In Which My Dignity – Such As It Were – Finally Plummets Headlong Into The Abyss

WARNING: this post is not for the squeamish or the faint-of-heart, or for anyone who clings stubbornly to the entirely misguided idea that I am in way or in any kind a noble or dignified creature. If, however, you have a strong stomach and you long to point fingers at me and cackle ‘ha-ha-ha-HA-ha,’ this post is for you.

My doctor, bless her overfunctioning heart, had the grace to look sheepish when she said, “we’re going to need to do another full examination.”

Me: “Again? Because I distinctly remember having to take my pants off for an examination last month. And I took the little vials to the lab myself, when I went for my blood test. I never forget a blood test.”

Her: “I know. But I don’t have any lab results recorded for you, and I can’t figure out what happened.”

So we had to do the test again. Which meant, of course, the discomfiting indignity of having one’s insides probed and prodded when they’re at their most sensitive. And this without the benefit of flowers and chocolates. Not that I regularly receive flowers and chocolates as an accompaniment to internal probing, but one always hopes.

And then I bitched about it publicly. Why does my doctor keep sticking her hand up my parts, I asked? And why, I continued, in bad temper, does it bother me, especially after one difficult pregnancy, during which there were umpteen internal probes, and all the complications of this pregnancy – apart from lost lab results – that have required undignified leg-spreading and belly-baring and reception of needles? Why have I not been able to keep my chin up as it all goes down, and is it really my problem that I can’t cope and who says that I need these tests anyway and to whom do I submit my complaints?

I was still feeling testy (no pun intended) a week later – just this past weekend, actually – as I rummaged around in my bag for yet another piece of paper with doctor scrawl that would send me to my next (mercifully radiographic) test. Stupid doctors, I grumbled to myself. Gotta get me a midwife, or maybe just some nice older lady with a bucket and a tarp, a copy of A Prairie Home Companion To Birthin’ Babies and maybe some warm biscuits.

Then my hand brushed against what felt like a tube, or a vial, and then against something that felt like a little container in a medical-grade plastic baggie. And then, I think, I may have actually gulped audibly.

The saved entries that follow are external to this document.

Lemma card_matching_bijs_at_tperm x y : t x = t y ->
  (#|matching_bijs_at x| <= #|matching_bijs_at y|)%N.
Proof.
move=> txy; pose f (pi : {ffun R -> R'}) := [ffun a => tperm x y (pi a)].
have f_inj : injective f.
  by move=> p q /ffunP e; apply/ffunP => a; have := e a; rewrite !ffunE => /perm_inj.
rewrite -(card_imset _ f_inj); apply/subset_leq_card/fintype.subsetP.
move=> q /finset.imsetP [pi].
rewrite !inE => /andP [/andP [pi_bij /eqP th_pi] /eqP pi_r] ->.
rewrite is_bij_postcomp pi_bij ffunE pi_r tpermL eqxx andbT th_pi; apply/eqP/ffunP => a.
by rewrite !ffunE; case: tpermP => // ->.
Qed.

Lemma matching_bijs_at_value x : (0 < #|matching_bijs_at x|)%N -> t x = th r.
Proof.
by case/card_gt0P => pi; rewrite !inE => /andP [/andP [_ /eqP ->] /eqP <-]; rewrite ffunE.
Qed.

Lemma card_matching_bijs x : (0 < #|matching_bijs_at x|)%N ->
  #|matching_bijs| = (#|[set z | t z == t x]| * #|matching_bijs_at x|)%N.
Proof.
move=> at_x_gt0.
have -> : #|matching_bijs| = (\sum_z #|matching_bijs_at z|)%N.
  rewrite -sum1_card (partition_big (fun pi : {ffun R -> R'} => pi r) predT) //=.
  by apply: eq_bigr => z _; rewrite -sum1_card; apply: eq_bigl => pi; rewrite !inE.
rewrite (bigID (fun z => t z == t x) predT) /= [X in (_ + X)%N]big1 ?addn0; last first.
  move=> z /negP txz; apply/eqP; rewrite eqn0Ngt; apply/negP.
  move=> /matching_bijs_at_value tz; apply: txz.
  by rewrite tz (matching_bijs_at_value at_x_gt0).
rewrite -sum_nat_const; apply: eq_big => z; first by rewrite inE.
by move=> /eqP tzx; apply/eqP; rewrite eqn_leq !card_matching_bijs_at_tperm.
Qed.

Lemma k_anonymous_card_matching_bijs_at (k : nat) x : k_anonymous k t ->
  (k * #|matching_bijs_at x| <= #|matching_bijs|)%N.
Proof.
move=> /k_anonymousP t_kanon.
have [->|at_x_gt0] := posnP #|matching_bijs_at x|; first by rewrite muln0.
by rewrite (card_matching_bijs at_x_gt0) leq_mul2r t_kanon orbT.
Qed.

End MatchingBijections.

Definition unpermute {R R' V' : finType} (pi : {ffun R -> R'}) (th : table R V')
    (t0 : table R' V') : table R' V' :=
  [ffun x => if [pick a | pi a == x] is Some a then th a else t0 x].

Lemma tcomp_unpermute {R R' V' : finType} (pi : {ffun R -> R'}) (th : table R V')
    (t0 : table R' V') :
  injective pi -> tcomp (unpermute pi th t0) pi = th.
Proof.
move=> pi_inj; apply/ffunP => a; rewrite !ffunE.
by case: pickP => [b /eqP/pi_inj ->|/(_ a)]; rewrite ?eqxx.
Qed.

Local Open Scope classical_set_scope.
Local Open Scope ring_scope.

Section FiniteRandomVariables.
Context {d : measure_display} {Om : measurableType d} {Rr : realType}
  (P : probability Om Rr).

Lemma Pr_EFin (A : set Om) : measurable A -> P A = (Pr P A)%:E.
Proof. by move=> mA; rewrite /Pr fineK // fin_num_measure. Qed.

Lemma Pr_setU (A B : set Om) : measurable A -> measurable B -> A `&` B = set0 ->
  Pr P (A `|` B) = Pr P A + Pr P B.
Proof.
move=> mA mB AB0; apply: EFin_inj.
rewrite EFinD -!Pr_EFin //; last exact: measurableU.
by have := measureU P mA mB AB0.
Qed.

Section Distribution.
Context {A : finType} (X : Om -> A) (X_frv : frv X).

Definition pmf (a : A) : Rr := Pr P [set w | X w = a].

Lemma mem_seq_preimageE (a : A) (s : seq A) :
  [set w | X w \in a :: s] = X @^-1` [set a] `|` [set w | X w \in s].
Proof.
apply/seteqP; split=> w /=; rewrite in_cons.
  by case/orP => [/eqP|]; [left|right].
by case=> [->|->]; rewrite ?eqxx ?orbT.
Qed.

Lemma measurable_mem_seq (s : seq A) : measurable [set w | X w \in s].
Proof.
elim: s => [|a s IHs].
  by rewrite (_ : [set w | _] = set0) //; apply/seteqP; split.
by rewrite mem_seq_preimageE; apply: measurableU; [exact: X_frv|].
Qed.

Lemma Pr_mem_seq (s : seq A) : uniq s ->
  Pr P [set w | X w \in s] = \sum_(a <- s) pmf a.
Proof.
elim: s => [_|a s IHs /= /andP [a_notin_s s_uniq]].
  by rewrite big_nil (_ : [set w | _] = set0) /Pr ?measure0 //; apply/seteqP; split.
rewrite big_cons -IHs // mem_seq_preimageE Pr_setU //; first exact: measurable_mem_seq.
by apply/seteqP; split=> w //= [-> a_in_s]; rewrite a_in_s in a_notin_s.
Qed.

Lemma preimage_pred_enumE (Q : pred A) :
  [set w | Q (X w)] = [set w | X w \in enum Q].
Proof. by apply/seteqP; split=> w /=; rewrite mem_enum. Qed.

Lemma measurable_pred (Q : pred A) : measurable [set w | Q (X w)].
Proof. by rewrite preimage_pred_enumE; exact: measurable_mem_seq. Qed.

Lemma Pr_predE (Q : pred A) : Pr P [set w | Q (X w)] = \sum_(a | Q a) pmf a.
Proof. by rewrite preimage_pred_enumE Pr_mem_seq ?enum_uniq // big_enum. Qed.

Lemma pmf_ge0 (a : A) : 0 <= pmf a.
Proof. exact: fine_ge0. Qed.

Lemma sum_pmf : \sum_a pmf a = 1.
Proof.
rewrite -(Pr_predE predT) /Pr (_ : [set w | _] = setT) ?probability_setT //.
by apply/seteqP; split.
Qed.

Lemma pmf_eq0_as1 (Q : pred A) : Pr P [set w | Q (X w)] = 1 ->
  forall a, ~~ Q a -> pmf a = 0.
Proof.
move=> Q_as1 a Qa_false.
have : \sum_(b | ~~ Q b) pmf b = 0.
  by apply/(addrI 1); rewrite addr0 -[in RHS]sum_pmf [RHS](bigID Q) /= -(Pr_predE Q) Q_as1.
move/eqP; rewrite psumr_eq0 => [/allP/(_ a (mem_index_enum a))|b _].
  by rewrite Qa_false => /eqP.
exact: pmf_ge0.
Qed.

Lemma as1_pmf_eq0 (Q : pred A) : (forall a, ~~ Q a -> pmf a = 0) ->
  Pr P [set w | Q (X w)] = 1.
Proof.
by move=> Q_pmf0; rewrite Pr_predE -sum_pmf [RHS](bigID Q) /= [X in _ + X]big1 ?addr0.
Qed.

Lemma Pr_congr_as1 (G Q1 Q2 : pred A) : Pr P [set w | G (X w)] = 1 ->
  {in G, Q1 =1 Q2} -> Pr P [set w | Q1 (X w)] = Pr P [set w | Q2 (X w)].
Proof.
move=> G_as1 Q12; rewrite !Pr_predE big_mkcond [RHS]big_mkcond.
apply: eq_bigr => a _; have [Ga|Ga_false] := boolP (G a).
  by rewrite Q12.
by rewrite (pmf_eq0_as1 G_as1 Ga_false) !if_same.
Qed.

Lemma as1_andb (Q1 Q2 : pred A) : Pr P [set w | Q1 (X w)] = 1 ->
  Pr P [set w | Q2 (X w)] = 1 -> Pr P [set w | Q1 (X w) && Q2 (X w)] = 1.
Proof.
move=> Q1_as1 Q2_as1; apply: (as1_pmf_eq0 (Q := fun a => Q1 a && Q2 a)) => a.
by rewrite negb_and => /orP [/(pmf_eq0_as1 Q1_as1)|/(pmf_eq0_as1 Q2_as1)].
Qed.

Lemma as1_sub (Q1 Q2 : pred A) : Pr P [set w | Q1 (X w)] = 1 ->
  subpred Q1 Q2 -> Pr P [set w | Q2 (X w)] = 1.
Proof.
move=> Q1_as1 Q12; rewrite -(Pr_congr_as1 (Q1 := predT) Q1_as1) => [|a /Q12 ->//].
by apply: as1_pmf_eq0.
Qed.

End Distribution.

Lemma frv_comp {A B : finType} (X : Om -> A) (f : A -> B) :
  frv X -> frv (fun w => f (X w)).
Proof.
move=> X_frv b; rewrite (_ : _ @^-1` _ = [set w | f (X w) == b]).
  exact: (measurable_pred X_frv (fun a => f a == b)).
by apply/seteqP; split=> w /= /eqP.
Qed.

Lemma frv_pair {A B : finType} (X : Om -> A) (Y : Om -> B) :
  frv X -> frv Y -> frv (fun w => (X w, Y w)).
Proof.
move=> X_frv Y_frv [a b].
rewrite (_ : _ @^-1` _ = X @^-1` [set a] `&` Y @^-1` [set b]).
  exact: measurableI.
by apply/seteqP; split=> w /= => [[-> ->]|[-> ->]].
Qed.

Lemma frv_cst {A : finType} (a : A) : frv (fun _ : Om => a).
Proof.
move=> b; have [->|ab] := eqVneq a b.
  by rewrite (_ : _ @^-1` _ = setT) //; apply/seteqP; split.
rewrite (_ : _ @^-1` _ = set0) //.
by apply/seteqP; split=> w //= ab'; rewrite ab' eqxx in ab.
Qed.

Lemma sum_pmf_cst {A : finType} (a0 : A) (F : A -> Rr) :
  \sum_a pmf (fun _ : Om => a0) a * F a = F a0.
Proof.
rewrite (bigD1 a0) //= big1 ?addr0 => [|a a_neq].
  rewrite /pmf (_ : [set w | _] = setT) /Pr ?probability_setT ?mul1r //.
  by apply/seteqP; split.
rewrite /pmf (_ : [set w | _] = set0) /Pr ?measure0 ?mul0r //.
by apply/seteqP; split=> w //= e; rewrite e eqxx in a_neq.
Qed.

End FiniteRandomVariables.

Lemma set_eqbE {T : Type} {E : eqType} (f g : T -> E) :
  [set w | f w == g w] = [set w | f w = g w].
Proof. by apply/seteqP; split=> w /= /eqP. Qed.

Lemma set_in_set1E {T : Type} {A : finType} (f : T -> A) (a : A) :
  [set w | f w \in [set a]%SET] = [set w | f w = a].
Proof. by apply/seteqP; split=> w /=; rewrite inE => /eqP. Qed.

Was it possible – under some god-forsaken scenario known only to pregnant women with hormone-addled brains – that I had been carrying around the materials swabbed out of my body during a gynecological examination – in, granted, medical-grade storage bits, but still – in my handbag FOR OVER A MONTH?

OH MY FACK.

I had. I had neglected to take those little vials and bottles with their nether region innard scrapings to the lab. And had been carrying them around in my handbag for WEEKS, oh my hell.

So it was that I had to slink down the stairs and ask my husband whether he had any idea about how to safely dispose of medical waste. And then empty and fumigate my purse and wash my hands, like, six thousand times (medical-grade storage baggies and all that, but still) and then rinse out my lightly vomited-in mouth. And then go sit and contemplate the final and complete annihilation of my dignity.

And then recount it for you here. Because if one’s attachment to one’s dignity is held only by the merest thread, one might as well give it a snip and send it on its way for good, and be done with it.

Contents of HBM’s bag, under ordinary circumstances: be very, very grateful that I did not have the presence of mind or the total disrespect for the memory of my dignity to take pictures of the contents in their last incarnation.